The spent liquor at 40 wt % from dissolving poplar wood at
P75T80t20 was diluted to 10 wt %, below the p-TsOH minimal
hydrotrope concentration of 11.5 wt %. 10 mL of the diluted spent
liquor was centrifuged at 3000 g for 10 min to precipitate the
dissolved lignin. 7.5 mL of DI water was added back to further
dilute the spent liquor to p-TsOH concentration of approximately 2
wt %. Almost all dissolved lignin was precipitated through
centrifugation. This was due to the strong ionic strength, which
compressed the double electric layer on the surface of suspended
lignin particles, making the lignin particles aggregate to
precipitate out under the centrifugation force. Most of the ions
were removed through further centrifugation and removing
supernatant (or acid) followed by dilution, which resulted in a
suspension with a p-TsOH concentration of 0.4 wt %, centrifugation
with 3000 g for 10 min was unable to precipitate the charge
particles due to the strong electrostatic repulsions among them,
resulting in a turbid supernatant. This turbid supernatant
exhibited a significant Tyndall effect; i.e., a red laser beam was
visible in the direction perpendicular to its incident direction
due to light scattering of very small particles. This showed that
the dispersion was an aqueous sol, or colloidal system, that
contained nanoparticles of lignin or LNPs.

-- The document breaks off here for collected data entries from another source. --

(* Let $G$ be the corresponding graph of an array $A$ with reach one, let $F$ be a resulting DFS forest of $G$, and let $T$ be any component of $F$. Then the root of $T$ has at most two outgoing arcs, every leaf of $T$ has at most one incoming arc, and every internal vertex of $T$ has exactly one incoming and exactly one outgoing arc.
   Context: An array is a finite sequence $A=(A[1],\dots,A[n])$ of pairwise distinct real numbers. The corresponding graph of $A$ with reach one is the directed graph on $\{1,\dots,n\}$ with an arc $(i,j)$ whenever $j\equiv i\pm1\pmod n$, $j\ne i$, and $A[i]<A[j]$ (indices cyclic). The resulting DFS forest of a directed graph is the spanning subgraph consisting of exactly the arcs $(\mathrm{parent}(w),w)$ along which depth-first search discovers new vertices; components are connected components of the underlying undirected graph, and each is a rooted tree whose root is the vertex with no incoming arc. A leaf of a rooted tree is an end-vertex (degree-one vertex) of the tree; an internal vertex is a vertex that is neither the root nor a leaf. *)

From HB Require Import structures.
From Stdlib Require Import Relations.
From mathcomp Require Import all_boot all_order all_algebra.
From mathcomp Require Import reals.
Set Implicit Arguments. Unset Strict Implicit. Unset Printing Implicit Defensive.
Import Order.TTheory GRing.Theory Num.Theory.

Definition cyc_adj (n : nat) (i j : 'I_n) : bool :=
  (j != i) && ((val j == (val i).+1 %% n) || (val i == (val j).+1 %% n)).

(* The corresponding graph of A with reach one: arc (i,j) iff
   i, j cyclically adjacent and A[i] < A[j]. *)
Definition corr_graph (R : realType) (n : nat) (A : 'I_n -> R) : rel 'I_n :=
  fun i j => cyc_adj i j && (A i < A j)%R.

(* DFS state: (visited set, stack (top first), discovered tree arcs). *)
Definition dfs_state (n : nat) : Type :=
  ({set 'I_n} * seq 'I_n * seq ('I_n * 'I_n))%type.

(* One nondeterministic step of depth-first search (any vertex order and
   any neighbour order are allowed). *)
Inductive dfs_step (n : nat) (G : rel 'I_n) : dfs_state n -> dfs_state n -> Prop :=
| DfsRoot (vis : {set 'I_n}) (Fs : seq ('I_n * 'I_n)) (v : 'I_n) :
    v \notin vis ->
    dfs_step G (vis, [::], Fs) (v |: vis, [:: v], Fs)
| DfsDiscover (vis : {set 'I_n}) (u : 'I_n) (st : seq 'I_n) (Fs : seq ('I_n * 'I_n)) (w : 'I_n) :
    G u w -> w \notin vis ->
    dfs_step G (vis, u :: st, Fs) (w |: vis, w :: u :: st, rcons Fs (u, w))
| DfsRetreat (vis : {set 'I_n}) (u : 'I_n) (st : seq 'I_n) (Fs : seq ('I_n * 'I_n)) :
    (forall w, G u w -> w \in vis) ->
    dfs_step G (vis, u :: st, Fs) (vis, st, Fs).

Definition dfs_forest (n : nat) (G : rel 'I_n) (F : rel 'I_n) : Prop :=
  exists Fs : seq ('I_n * 'I_n),
    clos_refl_trans (dfs_state n) (@dfs_step n G)
      (set0, [::], [::] : seq ('I_n * 'I_n)) ([set: 'I_n], [::], Fs) /\
    (forall u w, F u w = ((u, w) \in Fs)).

Definition undirected (n : nat) (F : rel 'I_n) : rel 'I_n :=
  fun u w => F u w || F w u.
Definition component (n : nat) (F : rel 'I_n) (x : 'I_n) : {set 'I_n} :=
  [set y | connect (undirected F) x y].

Definition indeg (n : nat) (F : rel 'I_n) (v : 'I_n) : nat := #|[set u | F u v]|.
Definition outdeg (n : nat) (F : rel 'I_n) (v : 'I_n) : nat := #|[set w | F v w]|.
Definition tdeg (n : nat) (F : rel 'I_n) (v : 'I_n) : nat :=
  #|[set w | undirected F v w]|.

Definition is_root (n : nat) (F : rel 'I_n) (T : {set 'I_n}) (v : 'I_n) : Prop :=
  v \in T /\ indeg F v = 0.
Definition is_leaf (n : nat) (F : rel 'I_n) (T : {set 'I_n}) (v : 'I_n) : Prop :=
  v \in T /\ tdeg F v = 1.
Definition is_internal (n : nat) (F : rel 'I_n) (T : {set 'I_n}) (v : 'I_n) : Prop :=
  v \in T /\ ~ is_root F T v /\ ~ is_leaf F T v.

(* Every arc of the graph joins cyclically adjacent positions, so every vertex has at
   most two neighbours, and arcs strictly increase A.  Depth-first search discovers
   each vertex at most once, so every vertex of the forest has at most one parent;
   the root, having none, keeps at most its two neighbours as children.  A vertex
   with a parent p and two children would have three distinct neighbours, since
   A p < A v < A c rules out p = c; hence an internal vertex, which has a parent (it
   is not the root) and a child (otherwise its only tree neighbour would be its
   parent, making it a leaf), has exactly one of each. *)
From HB Require Import structures.
From Stdlib Require Import Relations.
From mathcomp Require Import all_boot all_order all_algebra.
From mathcomp Require Import reals.
Set Implicit Arguments. Unset Strict Implicit. Unset Printing Implicit Defensive.
Import Order.TTheory GRing.Theory Num.Theory.

Section DfsForest.

Variables (n : nat) (G : rel 'I_n).

Definition dfs_invariant (s : dfs_state n) : Prop :=
  let: (vis, _, Fs) := s in
  [/\ all (fun e => G e.1 e.2) Fs,
      {subset map snd Fs <= vis} &
      forall a b v, (a, v) \in Fs -> (b, v) \in Fs -> a = b].

Lemma dfs_step_invariant s s' :
  dfs_step G s s' -> dfs_invariant s -> dfs_invariant s'.
Proof.
case=> [vis Fs v _ | vis u st Fs w Guw w_new | //] [Fs_G Fs_vis Fs_par].
  by split=> // y /Fs_vis; rewrite in_setU1 orbC => ->.
have old_new a : (a, w) \notin Fs.
  by apply: contra w_new => aw; apply/Fs_vis/mapP; exists (a, w).
split.
- by rewrite all_rcons /= Guw.
- by move=> y; rewrite map_rcons mem_rcons !inE => /orP[-> // | /Fs_vis ->]; rewrite orbT.
- move=> a b v; rewrite !mem_rcons !inE.
  case: (eqVneq v w) => [-> | vw].
    by rewrite (negbTE (old_new a)) (negbTE (old_new b)) !orbF !xpair_eqE
      => /andP[/eqP -> _] /andP[/eqP -> _].
  by rewrite !xpair_eqE (negbTE vw) !andbF /=; exact: Fs_par.
Qed.

Lemma dfs_run_invariant s s' :
  clos_refl_trans _ (@dfs_step n G) s s' -> dfs_invariant s -> dfs_invariant s'.
Proof.
elim=> [x y /dfs_step_invariant // | // | x y z _ IHxy _ IHyz].
by move=> /IHxy /IHyz.
Qed.

Variable F : rel 'I_n.
Hypothesis F_dfs : dfs_forest G F.

Lemma dfs_forest_invariant :
  exists Fs, dfs_invariant ([set: 'I_n], [::], Fs) /\ forall u w, F u w = ((u, w) \in Fs).
Proof.
case: F_dfs => Fs [run FE]; exists Fs; split=> //.
by apply: (dfs_run_invariant run); split=> // y; rewrite in_set0.
Qed.

Lemma dfs_forest_sub u w : F u w -> G u w.
Proof.
have [Fs [[Fs_G _ _] FE]] := dfs_forest_invariant.
by rewrite FE => /(allP Fs_G).
Qed.

Lemma dfs_forest_indeg_le1 v : indeg F v <= 1.
Proof.
have [Fs [[_ _ Fs_par] FE]] := dfs_forest_invariant.
by apply/card_le1_eqP => a b; rewrite !inE !FE => av bv; exact: Fs_par av.
Qed.

End DfsForest.

Lemma cyc_adjC n (i j : 'I_n) : cyc_adj i j = cyc_adj j i.
Proof. by rewrite /cyc_adj eq_sym orbC. Qed.

Lemma cyc_adj_sub n (i : 'I_n) : [set j | cyc_adj i j] \subset [set ordS i; ord_pred i].
Proof.
apply/subsetP => j; rewrite !inE => /andP[_ /orP[] /eqP ij].
  by rewrite (_ : j = ordS i) ?eqxx //; exact: val_inj.
by rewrite (_ : i = ordS j) ?ordSK ?eqxx ?orbT //; exact: val_inj.
Qed.

Lemma card_cyc_adj n (i : 'I_n) : #|[set j | cyc_adj i j]| <= 2.
Proof.
by apply: leq_trans (subset_leq_card (cyc_adj_sub i)) _; rewrite cards2 ltnS leq_b1.
Qed.

Section ReachOne.

Variables (R : realType) (n : nat) (A : 'I_n -> R) (F : rel 'I_n).
Hypothesis F_sub : forall u w, F u w -> corr_graph A u w.

Lemma outdeg_le2 v : outdeg F v <= 2.
Proof.
apply: leq_trans (card_cyc_adj v); apply/subset_leq_card/subsetP => w.
by rewrite !inE => /F_sub /andP[].
Qed.

Lemma outdeg_le1_of_parent p v : F p v -> outdeg F v <= 1.
Proof.
move=> /F_sub /andP[pv Apv]; apply/card_le1_eqP => c1 c2.
rewrite !inE => /F_sub /andP[vc1 Avc1] /F_sub /andP[vc2 Avc2].
apply/eqP; apply: contraTT (card_cyc_adj v) => c21; rewrite -ltnNge.
have p_neq c : (A v < A c)%R -> p != c.
  by apply: contraTneq => <-; rewrite lt_gtF.
have three_nbrs : p |: [set c1; c2] \subset [set j | cyc_adj v j].
  by apply/subsetP => y; rewrite !inE => /or3P[] /eqP -> //; rewrite cyc_adjC.
apply: leq_trans (subset_leq_card three_nbrs).
by rewrite cardsU1 cards2 eq_sym c21 !inE negb_or !p_neq.
Qed.

End ReachOne.

Lemma tdeg_outdeg0 n (F : rel 'I_n) v : outdeg F v = 0 -> tdeg F v = indeg F v.
Proof.
move/eqP; rewrite cards_eq0 => /eqP out0; apply: eq_card => w.
by rewrite !inE /undirected; have := in_set0 w; rewrite -out0 inE => ->.
Qed.

Theorem proposition2 (R : realType) (n : nat) (A : 'I_n -> R)
    (HA : injective A) (F : rel 'I_n)
    (HF : dfs_forest (corr_graph A) F) (x : 'I_n) :
  (forall r, is_root F (component F x) r -> outdeg F r <= 2) /\
  (forall v, is_leaf F (component F x) v -> indeg F v <= 1) /\
  (forall v, is_internal F (component F x) v ->
     indeg F v = 1 /\ outdeg F v = 1).
Proof.
have F_sub := dfs_forest_sub HF.
have indeg_le1 := dfs_forest_indeg_le1 HF.
split; first by move=> r _; exact: (outdeg_le2 F_sub r).
split; first by move=> v _; exact: indeg_le1.
move=> v [vT [not_root not_leaf]].
have indeg1 : indeg F v = 1.
  by apply/eqP; rewrite eqn_leq indeg_le1 lt0n; apply/eqP => in0; apply: not_root.
have [p pv] : exists p, F p v.
  have /card_gt0P [p] : 0 < indeg F v by rewrite indeg1.
  by rewrite inE; exists p.
split=> //.
apply/eqP; rewrite eqn_leq (outdeg_le1_of_parent F_sub pv) lt0n /=.
by apply/eqP => out0; apply: not_leaf; rewrite /is_leaf tdeg_outdeg0.
Qed.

The turbid supernatant and precipitate after the third centrifuge
step were thoroughly mixed back together to examine all the lignin
particles in the diluted spent liquor. An AFM topographic image of
the resultant whole diluted suspension deposited on a fresh mica
sheet is shown in the FIG. 14. The image confirmed nanoscale lignin
particles formed through self-assembly of dissolved lignin after
dilution. The sizes of the lignin nanoparticles ranged from 100 nm
to 1 micrometer. Aggregates could be observed as shown by the
multiple peaks in profile 1 in FIG. 15 corresponding to line 1 in
FIG. 14. Less aggregated particles are observed from AFM height
scanning profiles indicated by the separated single peaks in
profile 2 (dashed line in FIG. 15), which correspond to line 2 in
FIG. 14; and the diameter and thickness were determined to be
approximately 500 and 50 nm, respectively. This suggests that the
resultant LNPs were oblate spheroids.
The mixed diluted spent liquor was centrifuged at different speeds,
after which the turbid supernatant was examined by AFM. Larger
particles were precipitated during centrifugation, while only
smaller particles remained in the supernatant. After air drying the
supernatant on a mica plate, the sample obtained from
centrifugation at 3000 g for 10 min contained lignin particle
aggregates with lateral size of approximately 600 nm, as shown in
FIG. 16A. Increasing centrifuge speed to 10000 g or higher, removed
additional aggregates and large particles, resulting in relatively
uniform and small LNPs in the supernatant as shown in FIGS. 16B and
16C. Typical LNP lateral sizes are approximately 200 and 50 nm at
10000 g and 15000 g, respectively. These results indicate that the
diluted spent acid liquor contained lignin particles from tens of
nanometers to approximately 1 micron. Furthermore, the large
particles can be separated through centrifugation. AFM height
measurements of the three supernatant samples are presented in FIG.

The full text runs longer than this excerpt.